Par une décision du 25 avril 2022, la chambre de discipline du conseil régional de l’ordre des pharmaciens d’Ile-de-France a prononcé à l’encontre de M. A la sanction de l’interdiction définitive d’exercer la pharmacie.
Procédure devant la chambre de discipline du Conseil national de l’ordre des pharmaciens :
Par une requête enregistrée le 2 juin 2022, régularisée le 3 juin 2022, M. A, représenté par Me Benchetrit, demande à la juridiction d’appel d’annuler la décision de première instance.
Il soutient :
- avoir pris en considération les remarques de l’agence régionale de santé et avoir fait son possible pour apporter les correctifs nécessaires à une bonne pratique de sa profession ;
- que ses méthodes de travail ont radicalement changé ;
N° AD/06421-2/CN 2
– que toutes les préparations sont sous-traitées à la pharmacie B depuis 2015 et qu’il n’en effectue aucune dans son préparatoire ;
- qu’il a entrepris d’importants travaux de réfection en 2016 et en 2021 et a rangé son officine afin de mieux accueillir les patients ;
- que son système informatique a été changé pour permettre un meilleur suivi ;
- qu’il tient un cahier des périmés à venir et qu’il a établi une procédure de gestion des périmés ;
- qu’il ne commercialise plus les produits identifiés par l’agence régionale de santé comme non autorisés à la vente en officine ;
- qu’il a retrouvé les registres des médicaments dérivés du sang et des médicaments stupéfiants ;
- qu’il a affiché des procédures de bonnes pratiques pour guider son personnel et s’est livré à une auto-évaluation sur le référentiel qualité, obtenant une note de 89/100 ;
- qu’il rencontre des problèmes de santé qui l’amènent à fermer son officine ponctuellement ;
- que la sanction est disproportionnée, et aurait des conséquences désastreuses sur sa vie personnelle.

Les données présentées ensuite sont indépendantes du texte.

Lemma stilde_row_monomial a b N (z : 'I_N -> R) i n :
  injective z -> 1 - z i != 0 -> 1 + z i != 0 ->
  2 * (1 - z i ^+ 2) * \sum_(l < N | l != i) (z i - z l)^-1 = (a + 2 * b) * z i + a ->
  (2 * (a + b) * ((1 + z i) / (1 - z i)) + 2 * b * ((1 - z i) / (1 + z i))) * z i ^+ n.+1
  + 4 * \sum_(j < N | j != i)
          ((1 - z i ^+ 2) * z i ^+ n.+1 - (1 - z j ^+ 2) * z j ^+ n.+1) / (z i - z j) ^+ 2
  = 2 * n.+2%:R * (2 * N%:R + (a + b - 1) + (b - 1) + 1 - n.+2%:R) * z i ^+ n.+1
    + (stilde_lower a z n.+1).[z i].
Proof.
move=> zinj zi_neq1 zi_neqN1 stieltjes.
set x := z i; set S := \sum_(l < N | l != i) (x - z l)^-1.
set A := \sum_(j < N | j != i) (taylor_quot n.+1 (z j)).[x].
set B := \sum_(j < N | j != i) z j * (taylor_quot n.+2 (z j)).[x].
have count : \sum_(j < N | j != i) (1 : R) = N%:R - 1.
  have : \sum_(j < N) (1 : R) = N%:R by rewrite sumr_const card_ord.
  by rewrite (bigD1 i) //= => <-; rewrite addrAC subrr add0r.
have x_neq j : j != i -> x != z j by apply: contra => /eqP /zinj ->.
have pairs : \sum_(j < N | j != i)
      ((1 - x ^+ 2) * x ^+ n.+1 - (1 - z j ^+ 2) * z j ^+ n.+1) / (x - z j) ^+ 2
    = (n.+1%:R * x ^+ n - n.+3%:R * x ^+ n.+2) * S - A + B
      + (N%:R - 1) * (n.+2%:R * x ^+ n.+1).
  rewrite (eq_bigr _ (fun j j_neq_i => pair_term_split n.+1 (x_neq j j_neq_i))).
  rewrite /S /A /B mulr_sumr -count mulr_suml -sumrN -!big_split /=.
  by apply: eq_bigr => j _; ring.
have S_eq : S = ((a + 2 * b) * x + a) / (2 * (1 - x ^+ 2)).
  rewrite -stieltjes mulrC mulKf //.
  by rewrite (_ : 1 - x ^+ 2 = (1 - x) * (1 + x)) ?mulf_neq0 ?pnatr_eq0 //; ring.
have diag1 : (taylor_quot n.+1 x).[x] = n.+1%:R * (n.+1%:R - 1) * x ^+ n.-1 / 2.
  by rewrite -taylor_quot_diag; field.
have diag2 : (taylor_quot n.+2 x).[x] = n.+2%:R * (n.+2%:R - 1) * x ^+ n / 2.
  by rewrite -taylor_quot_diag; field.
rewrite pairs horner_stilde_lower -/x -/A -/B S_eq diag1 diag2 !exprS -!nat1r.
move: (x ^+ n) (x ^+ n.-1) => X Y.
field; rewrite zi_neq1 zi_neqN1 /= (_ : 1 - x * x = (1 - x) * (1 + x)); last by ring.
by rewrite mulf_neq0.
Qed.

End StildeRows.
(* Let $\phi(z)\in\mathbb{R}[z]$ be a cubic polynomial with positive lead coefficient $a>0$ and at least two distinct fixed points. Denote its fixed points by $\gamma_1,\gamma_2,\gamma_3\in\mathbb{R}$ with $\gamma_1\leq\gamma_2\leq\gamma_3$. Then $\mathfrak{K}_\infty\cap\mathbb{R}\subseteq[\gamma_1,\gamma_3]$, and $$\phi^{-1}([\gamma_1,\gamma_3])\subseteq[\gamma_1,\gamma_1+a^{-1/2}]\cup[\gamma_2-a^{-1/2},\gamma_2+a^{-1/2}]\cup[\gamma_3-a^{-1/2},\gamma_3].$$
   Context: The (archimedean) filled Julia set of $\phi$ is $\mathfrak{K}_\infty=\{x\in\mathbb{C}:\{|\phi^n(x)|:n\ge0\}\text{ is bounded}\}$, where $\phi^n$ is the $n$-th iterate of $\phi$. Fixed points are listed with multiplicity as roots of $\phi(z)-z$; here $\phi^{-1}([\gamma_1,\gamma_3])$ denotes the set of real $x$ with $\phi(x)\in[\gamma_1,\gamma_3]$. *)

From HB Require Import structures.
From mathcomp Require Import all_boot all_order all_algebra.
From mathcomp Require Import reals.
From mathcomp Require Import complex.
Set Implicit Arguments. Unset Strict Implicit. Unset Printing Implicit Defensive.
Import Order.TTheory GRing.Theory Num.Theory.
Local Open Scope ring_scope.
Local Open Scope complex_scope.

Definition filled_julia (R : realType) (phi : {poly R}) (x : complex R) : Prop :=
  exists M : R, forall n : nat,
      `|iter n (fun w => (map_poly (fun c : R => c%:C) phi).[w]) x| <= M%:C.

(* Write phi(y) = y + f(y) with f(y) = a (y - g1)(y - g2)(y - g3).  Beyond g3
   the displacement f is positive and nondecreasing, so a real orbit starting
   there moves right by at least f(x) at every step and is unbounded; below g1
   symmetrically.  For the second claim, phi(x) in [g1, g3] forces x into
   [g1, g3].  If x stayed r = a^(-1/2) away from both g1 and g2 while lying
   between them, then a (x - g1)(g2 - x) > a r^2 = 1 and so
   f(x) > g3 - x, i.e. phi(x) > g3; between g2 and g3 the mirror argument
   gives phi(x) < g1. *)

From HB Require Import structures.
From mathcomp Require Import all_boot all_order all_algebra.
From mathcomp Require Import reals complex.
From mathcomp Require Import ring lra.
Set Implicit Arguments. Unset Strict Implicit. Unset Printing Implicit Defensive.
Import Order.TTheory GRing.Theory Num.Theory.
Local Open Scope ring_scope.
Local Open Scope complex_scope.

Section RealOrbits.
Variable R : realType.
Implicit Types (h : R -> R) (x d M : R).

Lemma normc_real x : `|x%:C| = `|x|%:C.
Proof. by rewrite normc_def /= expr0n /= addr0 sqrtr_sqr. Qed.

Lemma iter_horner_map_real (phi : {poly R}) x n :
  iter n (fun w => (map_poly (fun c : R => c%:C) phi).[w]) x%:C
  = (iter n (horner phi) x)%:C.
Proof. by elim: n => //= n ->; rewrite (horner_map (real_complex R)). Qed.

Lemma filled_julia_real (phi : {poly R}) x :
  filled_julia phi x%:C -> exists M, forall n, `|iter n (horner phi) x| <= M.
Proof.
by case=> M bounded; exists M => n; rewrite -lecR -normc_real -iter_horner_map_real.
Qed.

Lemma iter_drift_ge h x d :
  (forall y, x <= y -> y + d <= h y) -> 0 <= d ->
  forall n, x + n%:R * d <= iter n h x.
Proof.
move=> drift d_ge0; elim=> [|n IH] /=; first by rewrite mul0r addr0.
have n_ge0 : 0 <= n%:R * d by rewrite mulr_ge0.
have := drift (iter n h x); rewrite mulrSr; lra.
Qed.

Lemma linear_growth_unbounded x d M :
  0 < d -> ~ (forall n : nat, x + n%:R * d <= M).
Proof.
move=> d_gt0 bounded.
have q_ge0 : 0 <= (M - x) / d by apply: divr_ge0; have := bounded 0%N; lra.
have := archi_boundP q_ge0; rewrite ltr_pdivrMr //.
have := bounded (Num.Def.archi_bound ((M - x) / d)); lra.
Qed.

Lemma escape_pinfty h x d :
  0 < d -> (forall y, x <= y -> y + d <= h y) ->
  ~ exists M, forall n, `|iter n h x| <= M.
Proof.
move=> d_gt0 drift [M bounded].
apply: (linear_growth_unbounded (x := x) (M := M) d_gt0) => n.
have := iter_drift_ge drift (ltW d_gt0) n; have := bounded n; rewrite ler_norml; lra.
Qed.

Lemma iter_conj_opp h x n :
  iter n (fun y => - h (- y)) (- x) = - iter n h x.
Proof. by elim: n => //= n ->; rewrite opprK. Qed.

Lemma escape_minfty h x d :
  0 < d -> (forall y, y <= x -> h y <= y - d) ->
  ~ exists M, forall n, `|iter n h x| <= M.
Proof.
move=> d_gt0 drift [M bounded].
apply: (@escape_pinfty (fun y => - h (- y)) (- x) _ d_gt0) => [y le_xy | ].
  by have := drift (- y); lra.
by exists M => n; rewrite iter_conj_opp normrN.
Qed.

End RealOrbits.

Lemma invsqrt_lt_mul_gt1 (R : rcfType) (a u v : R) :
  0 < a -> (Num.sqrt a)^-1 < u -> (Num.sqrt a)^-1 < v -> 1 < a * (u * v).
Proof.
set r := _^-1 => a_gt0 ru rv.
have r_gt0 : 0 < r by rewrite invr_gt0 sqrtr_gt0.
have <- : a * (r * r) = 1.
  by rewrite -invfM -expr2 sqr_sqrtr ?mulfV ?gt_eqF ?ltW.
by rewrite ltr_pM2l // ltr_pM // ltW.
Qed.

Section Cubic.
Variables (R : rcfType) (a g1 g2 g3 : R).
Hypotheses (a_gt0 : 0 < a) (g12 : g1 <= g2) (g23 : g2 <= g3).

Definition cubic (y : R) := a * (y - g1) * (y - g2) * (y - g3).

Let r := (Num.sqrt a)^-1.

Let r_gt0 : 0 < r. Proof. by rewrite invr_gt0 sqrtr_gt0. Qed.

(* [lra] does not look at section hypotheses, so they are passed explicitly. *)
Local Ltac lra_cubic := move: (a_gt0) (g12) (g23) (r_gt0) => *; lra.

Lemma cubic_gt0 y : g3 < y -> 0 < cubic y.
Proof. by move=> lt3y; rewrite /cubic !mulr_gt0 //; lra_cubic. Qed.

Lemma cubic_lt0 y : y < g1 -> cubic y < 0.
Proof.
move=> lty1; have -> : cubic y = - (a * (g1 - y) * (g2 - y) * (g3 - y)).
  by rewrite /cubic; ring.
by rewrite oppr_lt0 !mulr_gt0 //; lra_cubic.
Qed.

Lemma cubic_le_above y z : g3 <= y -> y <= z -> cubic y <= cubic z.
Proof.
by move=> le3y leyz; rewrite /cubic; repeat apply: ler_pM; rewrite ?mulr_ge0 //; lra_cubic.
Qed.

Lemma cubic_le_below y z : z <= y -> y <= g1 -> cubic z <= cubic y.
Proof.
move=> lezy ley1; rewrite -lerN2.
have E w : - cubic w = a * (g1 - w) * (g2 - w) * (g3 - w) by rewrite /cubic; ring.
by rewrite !E; repeat apply: ler_pM; rewrite ?mulr_ge0 //; lra_cubic.
Qed.

Lemma cubic_gt_left_gap x : g1 + r < x -> x < g2 - r -> g3 - x < cubic x.
Proof.
move=> lt1x ltx2.
have big : 1 < a * ((x - g1) * (g2 - x)) by apply: invsqrt_lt_mul_gt1; fold r; lra_cubic.
have -> : cubic x = (g3 - x) * (a * ((x - g1) * (g2 - x))) by rewrite /cubic; ring.
by rewrite -[ltLHS]mulr1 ltr_pM2l //; lra_cubic.
Qed.

Lemma cubic_lt_right_gap x : g2 + r < x -> x < g3 - r -> cubic x < g1 - x.
Proof.
move=> lt2x ltx3.
have big : 1 < a * ((x - g2) * (g3 - x)) by apply: invsqrt_lt_mul_gt1; fold r; lra_cubic.
have -> : cubic x = - ((x - g1) * (a * ((x - g2) * (g3 - x)))) by rewrite /cubic; ring.
by rewrite ltrNl opprB -[ltLHS]mulr1 ltr_pM2l //; lra_cubic.
Qed.

Lemma near_root_of_displaced_in_hull x :
  g1 <= x + cubic x <= g3 ->
  (g1 <= x <= g1 + r) \/ (g2 - r <= x <= g2 + r) \/ (g3 - r <= x <= g3).
Proof.
case/andP=> lo hi.
have le1x : g1 <= x by rewrite leNgt; apply/negP => out; have := cubic_lt0 out; lra_cubic.
have lex3 : x <= g3 by rewrite leNgt; apply/negP => out; have := cubic_gt0 out; lra_cubic.
case: (lerP x (g1 + r)) => [? | lt1x]; first by left; apply/andP.
case: (lerP (g3 - r) x) => [? | ltx3]; first by right; right; apply/andP.
right; left; case: (lerP (g2 - r) x) => [le2x | ltx2].
  case: (lerP x (g2 + r)) => [? | lt2x]; first by apply/andP.
  by have := cubic_lt_right_gap lt2x ltx3; lra_cubic.
by have := cubic_gt_left_gap lt1x ltx2; lra_cubic.
Qed.

End Cubic.

Theorem lemma4p10 (R : realType) (phi : {poly R}) (g1 g2 g3 : R) :
  size phi = 4%N ->
  0 < lead_coef phi ->
  phi - 'X = (lead_coef phi)%:P * ('X - g1%:P) * ('X - g2%:P) * ('X - g3%:P) ->
  g1 <= g2 -> g2 <= g3 ->
  g1 < g3 ->
  (forall x : R, filled_julia phi x%:C -> g1 <= x <= g3) /\
  (forall x : R, g1 <= phi.[x] <= g3 ->
     let r := (Num.sqrt (lead_coef phi))^-1 in
     (g1 <= x <= g1 + r) \/ (g2 - r <= x <= g2 + r) \/ (g3 - r <= x <= g3)).
Proof.
move=> _ a_gt0 phiE g12 g23 _; set a := lead_coef phi in a_gt0 phiE *.
have phi_cubic y : phi.[y] = y + cubic a g1 g2 g3 y.
  by have := congr1 (horner^~ y) phiE; rewrite !hornerE /cubic => <-; ring.
split=> [x /filled_julia_real bounded | x]; last first.
  by rewrite phi_cubic; apply: near_root_of_displaced_in_hull.
apply/andP; split; rewrite leNgt; apply/negP => out.
- apply: (escape_minfty (d := - cubic a g1 g2 g3 x) _ _ bounded).
    by rewrite oppr_gt0 cubic_lt0.
  by move=> y le_yx; have := cubic_le_below a_gt0 g12 g23 le_yx (ltW out); rewrite phi_cubic; lra.
- apply: (escape_pinfty (d := cubic a g1 g2 g3 x) _ _ bounded); first exact: cubic_gt0.
  by move=> y le_xy; have := cubic_le_above a_gt0 g12 g23 (ltW out) le_xy; rewrite phi_cubic; lra.
Qed.
Section Transport.
Variables (K : fieldType) (n : nat).
Variables (m m' : DS K n -> DS K n -> DS K n) (f g : DS K n -> DS K n).
Hypotheses (fK : cancel f g) (gK : cancel g f).
Hypothesis f_hom : forall u v, f (m u v) = m' (f u) (f v).

Lemma transported_mul u v : m' u v = f (m (g u) (g v)).
Proof. by rewrite f_hom !gK. Qed.

Lemma transport_assoc : ds_assoc m -> ds_assoc m'.
Proof. by move=> m_assoc u v w; rewrite !transported_mul !fK m_assoc. Qed.

Lemma transport_invariant :
  (forall u v, Bform (f u) (f v) = Bform u v) ->
  ds_invariant m -> ds_invariant m'.
Proof.
move=> f_isometry m_inv u v w.
by rewrite -[u]gK -[v]gK -[w]gK -!f_hom !f_isometry m_inv.
Qed.

End Transport.

Section Isomorphism.
Variables (K : fieldType) (n : nat) (mul : 'rV[K]_n -> 'rV[K]_n -> 'rV[K]_n).
Variable r : 'M[K]_n.

Definition phi (u : DS K n) : DS K n := (u.1 - rmap r u.2, u.2).
Definition phi_inv (u : DS K n) : DS K n := (u.1 + rmap r u.2, u.2).

Lemma phiK : cancel phi phi_inv.
Proof. by move=> [x a]; rewrite /phi /phi_inv /= subrK. Qed.

Lemma phi_invK : cancel phi_inv phi.
Proof. by move=> [x a]; rewrite /phi /phi_inv /= addrK. Qed.

Lemma phi_linear c u v : phi (dsadd (dsscale c u) v) = dsadd (dsscale c (phi u)) (phi v).
Proof.
case: u v => [x a] [y b]; rewrite /phi /dsadd /dsscale /=.
by rewrite rmap_linear scalerBr opprD addrACA.
Qed.

Hypothesis r_antisym : antisym r.

Lemma phi_isometry u v : Bform (phi u) (phi v) = Bform u v.
Proof.
case: u v => [x a] [y b]; rewrite /phi /Bform /= !pairDr !pairNr.
by rewrite (pair_rmap_anti r_antisym a b) opprK addrACA subrr addr0.
Qed.

Hypotheses (mul_bilinear : is_bilinear mul) (r_aybe : AYBE mul r).

Lemma phi_hom u v : phi (semidirect_mul mul u v) = Dr_mul mul r (phi u) (phi v).
Proof.
case: u v => [x a] [y b]; rewrite /phi /semidirect_mul /Dr_mul /=.
rewrite !(bilinBl mul_bilinear, bilinBr mul_bilinear).
rewrite (bilinBl (Rst_bilinear mul_bilinear)) (bilinBl (Lst_bilinear mul_bilinear)).
rewrite (rmap_mul mul_bilinear r_antisym r_aybe) !rmap_mulmx !(mulmxDl, mulNmx).
by congr (_, _); apply/rowP => i; rewrite !mxE; ring.
Qed.

End Isomorphism.

Theorem theorem2p4p9 (K : fieldType) (n : nat)
    (mul : 'rV[K]_n -> 'rV[K]_n -> 'rV[K]_n) (r : 'M[K]_n) :
  is_bilinear mul -> is_assoc mul ->
  antisym r -> AYBE mul r ->
  ds_assoc (Dr_mul mul r) /\
  ds_assoc (semidirect_mul mul) /\
  ds_invariant (Dr_mul mul r) /\
  ds_invariant (semidirect_mul mul) /\
  exists phi : DS K n -> DS K n,
    [/\ forall (c : K) (u v : DS K n),
          phi (dsadd (dsscale c u) v) = dsadd (dsscale c (phi u)) (phi v),
        bijective phi,
        forall u v : DS K n,
          phi (semidirect_mul mul u v) = Dr_mul mul r (phi u) (phi v)
      & forall u v : DS K n, Bform (phi u) (phi v) = Bform u v].
Proof.
move=> mul_bilinear mul_assoc r_antisym r_aybe.
have hom := phi_hom r_antisym mul_bilinear r_aybe.
have sd_assoc := semidirect_assoc mul_bilinear mul_assoc.
have sd_inv := semidirect_invariant mul_bilinear.
have isometry := phi_isometry r_antisym.
split; first exact: transport_assoc (@phiK _ _ r) (@phi_invK _ _ r) hom sd_assoc.
split; first exact: sd_assoc.
split; first exact: transport_invariant (@phi_invK _ _ r) hom isometry sd_inv.
split; first exact: sd_inv.
exists (phi r); split=> //; first exact: phi_linear.
exact: Bijective (@phiK _ _ r) (@phi_invK _ _ r).
Qed.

Par un mémoire enregistré le 18 juillet 2022, la directrice de l’agence régionale de santé d’Ile-de-France, conclut au rejet de la requête d’appel.
Elle fait valoir :
- que de nombreux manquements ont été constatés lors de l’inspection, dont l’insalubrité de l’officine due à une mauvaise tenue des locaux ne permettant pas au titulaire d’assurer des actes officinaux de qualité ;
- que M. A n’établit pas la mise en conformité du préparatoire et le registre n’étant pas correctement tenu, il n’est pas possible de savoir quelles préparations ont été réalisées ou non ;
- que si des travaux ont été réalisés, ils ne sont pas de nature à remettre en cause les constatations effectuées lors de l’inspection et n’ont pas résolu les problèmes d’insalubrité et de désordre dans l’officine ;
- que M. A a sous-estimé la gravité des manquements et n’a pas pris les mesures nécessaires malgré plusieurs inspections et sanctions.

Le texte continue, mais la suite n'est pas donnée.